[Material for this task]
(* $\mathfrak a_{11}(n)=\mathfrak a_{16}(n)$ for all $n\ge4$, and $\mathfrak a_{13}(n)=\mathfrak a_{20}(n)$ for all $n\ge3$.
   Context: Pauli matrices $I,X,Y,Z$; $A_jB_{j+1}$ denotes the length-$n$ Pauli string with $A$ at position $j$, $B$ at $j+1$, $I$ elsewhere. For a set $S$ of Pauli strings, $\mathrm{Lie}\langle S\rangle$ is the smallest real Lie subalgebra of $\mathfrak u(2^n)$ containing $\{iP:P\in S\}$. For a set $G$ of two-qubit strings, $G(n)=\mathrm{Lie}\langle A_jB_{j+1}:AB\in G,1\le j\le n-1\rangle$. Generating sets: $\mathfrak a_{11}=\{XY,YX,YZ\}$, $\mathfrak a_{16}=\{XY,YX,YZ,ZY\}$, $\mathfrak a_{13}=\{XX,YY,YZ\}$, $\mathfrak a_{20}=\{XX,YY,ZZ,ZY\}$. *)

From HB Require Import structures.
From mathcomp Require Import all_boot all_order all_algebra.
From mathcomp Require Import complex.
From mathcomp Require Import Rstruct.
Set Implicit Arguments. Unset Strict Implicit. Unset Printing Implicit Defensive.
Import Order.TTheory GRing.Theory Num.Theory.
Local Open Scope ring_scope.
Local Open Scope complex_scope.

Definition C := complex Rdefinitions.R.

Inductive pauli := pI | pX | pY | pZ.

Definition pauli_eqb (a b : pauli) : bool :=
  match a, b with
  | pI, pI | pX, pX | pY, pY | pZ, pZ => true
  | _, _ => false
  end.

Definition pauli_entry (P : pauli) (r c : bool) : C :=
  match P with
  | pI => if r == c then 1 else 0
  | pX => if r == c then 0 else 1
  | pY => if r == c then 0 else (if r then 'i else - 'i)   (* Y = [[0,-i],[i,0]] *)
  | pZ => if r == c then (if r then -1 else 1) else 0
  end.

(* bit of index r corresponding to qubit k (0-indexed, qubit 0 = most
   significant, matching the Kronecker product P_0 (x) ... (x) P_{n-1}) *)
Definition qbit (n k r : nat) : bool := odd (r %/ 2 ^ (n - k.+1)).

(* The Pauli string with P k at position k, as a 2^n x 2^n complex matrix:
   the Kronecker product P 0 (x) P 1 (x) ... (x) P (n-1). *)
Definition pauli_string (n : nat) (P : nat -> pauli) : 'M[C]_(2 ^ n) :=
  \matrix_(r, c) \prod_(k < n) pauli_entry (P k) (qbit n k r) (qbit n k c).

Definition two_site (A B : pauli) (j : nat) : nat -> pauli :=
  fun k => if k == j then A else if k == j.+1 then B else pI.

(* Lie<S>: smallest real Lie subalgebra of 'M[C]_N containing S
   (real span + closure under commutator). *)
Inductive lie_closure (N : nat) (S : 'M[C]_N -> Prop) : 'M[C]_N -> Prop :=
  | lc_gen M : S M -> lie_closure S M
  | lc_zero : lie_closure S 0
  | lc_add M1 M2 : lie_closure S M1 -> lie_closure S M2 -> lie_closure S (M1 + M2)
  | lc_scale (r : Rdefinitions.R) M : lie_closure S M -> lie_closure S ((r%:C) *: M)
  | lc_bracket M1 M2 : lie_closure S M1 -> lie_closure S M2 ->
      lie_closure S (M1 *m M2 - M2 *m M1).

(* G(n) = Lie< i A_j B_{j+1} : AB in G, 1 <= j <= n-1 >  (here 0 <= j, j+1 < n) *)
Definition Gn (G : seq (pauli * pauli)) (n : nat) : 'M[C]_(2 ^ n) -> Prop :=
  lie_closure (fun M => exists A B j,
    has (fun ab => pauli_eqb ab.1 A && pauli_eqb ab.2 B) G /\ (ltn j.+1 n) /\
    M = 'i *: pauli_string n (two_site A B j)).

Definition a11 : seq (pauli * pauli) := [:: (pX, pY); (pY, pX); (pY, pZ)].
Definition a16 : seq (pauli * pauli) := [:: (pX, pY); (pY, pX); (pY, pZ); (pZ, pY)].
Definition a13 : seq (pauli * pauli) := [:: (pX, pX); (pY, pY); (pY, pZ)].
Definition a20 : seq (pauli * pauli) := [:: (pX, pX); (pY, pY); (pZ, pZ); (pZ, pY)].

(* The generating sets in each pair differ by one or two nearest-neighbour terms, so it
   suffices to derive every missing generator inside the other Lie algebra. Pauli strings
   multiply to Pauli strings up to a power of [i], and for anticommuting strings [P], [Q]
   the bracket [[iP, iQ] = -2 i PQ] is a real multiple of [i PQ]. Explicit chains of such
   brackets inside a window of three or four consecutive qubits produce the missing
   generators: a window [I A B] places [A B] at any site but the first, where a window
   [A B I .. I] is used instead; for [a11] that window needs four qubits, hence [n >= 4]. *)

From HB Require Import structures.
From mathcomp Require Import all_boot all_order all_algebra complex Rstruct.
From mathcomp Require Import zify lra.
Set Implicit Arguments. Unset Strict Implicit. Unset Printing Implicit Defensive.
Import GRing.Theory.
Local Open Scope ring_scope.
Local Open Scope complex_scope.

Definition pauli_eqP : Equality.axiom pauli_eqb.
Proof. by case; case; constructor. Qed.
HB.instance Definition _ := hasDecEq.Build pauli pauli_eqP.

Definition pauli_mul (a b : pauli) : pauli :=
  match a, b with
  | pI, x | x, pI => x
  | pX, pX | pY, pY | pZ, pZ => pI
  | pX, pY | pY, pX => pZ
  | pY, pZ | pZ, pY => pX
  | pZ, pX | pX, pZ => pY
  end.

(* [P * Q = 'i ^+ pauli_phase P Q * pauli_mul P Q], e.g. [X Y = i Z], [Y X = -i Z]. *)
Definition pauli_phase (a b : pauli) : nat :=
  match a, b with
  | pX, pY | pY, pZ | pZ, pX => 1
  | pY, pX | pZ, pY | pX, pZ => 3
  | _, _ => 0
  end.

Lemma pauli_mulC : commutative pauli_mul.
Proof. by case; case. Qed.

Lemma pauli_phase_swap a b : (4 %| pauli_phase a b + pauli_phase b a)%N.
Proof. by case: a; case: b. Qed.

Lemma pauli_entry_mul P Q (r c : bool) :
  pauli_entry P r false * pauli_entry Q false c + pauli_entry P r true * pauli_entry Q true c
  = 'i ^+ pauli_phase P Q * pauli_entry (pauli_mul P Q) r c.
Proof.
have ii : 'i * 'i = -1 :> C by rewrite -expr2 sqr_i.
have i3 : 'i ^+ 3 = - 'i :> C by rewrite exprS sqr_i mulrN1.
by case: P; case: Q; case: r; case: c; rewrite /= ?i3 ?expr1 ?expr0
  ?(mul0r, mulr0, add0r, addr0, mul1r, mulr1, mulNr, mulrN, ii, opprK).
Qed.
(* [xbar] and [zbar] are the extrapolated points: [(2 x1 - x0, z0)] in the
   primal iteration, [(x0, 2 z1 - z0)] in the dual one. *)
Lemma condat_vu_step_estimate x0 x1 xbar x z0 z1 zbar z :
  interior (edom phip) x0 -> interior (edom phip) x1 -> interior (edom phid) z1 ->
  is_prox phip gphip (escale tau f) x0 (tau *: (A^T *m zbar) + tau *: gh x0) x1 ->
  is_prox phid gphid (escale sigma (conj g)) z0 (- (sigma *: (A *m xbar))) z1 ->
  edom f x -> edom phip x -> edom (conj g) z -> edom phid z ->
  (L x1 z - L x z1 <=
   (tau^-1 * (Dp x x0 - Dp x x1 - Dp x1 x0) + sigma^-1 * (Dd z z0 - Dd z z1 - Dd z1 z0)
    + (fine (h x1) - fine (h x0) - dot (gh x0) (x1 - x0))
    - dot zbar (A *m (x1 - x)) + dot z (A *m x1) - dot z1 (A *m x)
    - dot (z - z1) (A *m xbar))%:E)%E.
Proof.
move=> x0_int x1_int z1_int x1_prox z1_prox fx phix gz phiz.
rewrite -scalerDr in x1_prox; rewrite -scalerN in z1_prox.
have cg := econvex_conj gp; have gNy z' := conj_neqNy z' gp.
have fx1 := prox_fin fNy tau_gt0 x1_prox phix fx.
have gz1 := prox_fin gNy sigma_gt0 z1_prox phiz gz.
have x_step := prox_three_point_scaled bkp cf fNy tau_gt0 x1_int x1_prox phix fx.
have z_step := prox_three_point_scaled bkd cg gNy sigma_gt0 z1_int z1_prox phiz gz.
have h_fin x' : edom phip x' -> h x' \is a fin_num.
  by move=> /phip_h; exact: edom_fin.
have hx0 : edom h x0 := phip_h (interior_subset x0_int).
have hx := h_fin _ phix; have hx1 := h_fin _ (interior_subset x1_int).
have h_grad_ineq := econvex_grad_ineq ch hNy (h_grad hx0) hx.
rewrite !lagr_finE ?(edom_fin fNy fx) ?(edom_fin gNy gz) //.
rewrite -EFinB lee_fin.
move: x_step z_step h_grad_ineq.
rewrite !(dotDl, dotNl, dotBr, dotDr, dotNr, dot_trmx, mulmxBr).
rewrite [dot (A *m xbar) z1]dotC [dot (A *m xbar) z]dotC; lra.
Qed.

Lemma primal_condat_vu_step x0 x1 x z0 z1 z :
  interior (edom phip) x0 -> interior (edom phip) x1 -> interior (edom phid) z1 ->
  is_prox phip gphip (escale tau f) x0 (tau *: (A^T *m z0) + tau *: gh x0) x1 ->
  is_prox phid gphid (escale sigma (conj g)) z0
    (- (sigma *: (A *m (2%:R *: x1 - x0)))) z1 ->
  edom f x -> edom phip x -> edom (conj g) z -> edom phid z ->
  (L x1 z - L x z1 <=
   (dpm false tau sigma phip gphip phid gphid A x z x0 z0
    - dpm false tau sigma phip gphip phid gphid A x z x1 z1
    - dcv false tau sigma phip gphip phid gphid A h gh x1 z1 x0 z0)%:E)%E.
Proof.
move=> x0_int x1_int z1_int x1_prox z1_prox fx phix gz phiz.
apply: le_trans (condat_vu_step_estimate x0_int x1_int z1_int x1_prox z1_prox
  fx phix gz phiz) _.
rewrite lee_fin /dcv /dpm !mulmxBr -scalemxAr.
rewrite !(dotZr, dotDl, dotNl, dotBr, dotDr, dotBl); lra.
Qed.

[Brief]
Pull every line containing the string "window" out of the data above and copy it.

[Answer space]
   brackets inside a window of three or four consecutive qubits produce the missing
   generators: a window [I A B] places [A B] at any site but the first, where a window
   [A B I .. I] is used instead; for [a11] that window needs four qubits, hence [n >= 4]. *)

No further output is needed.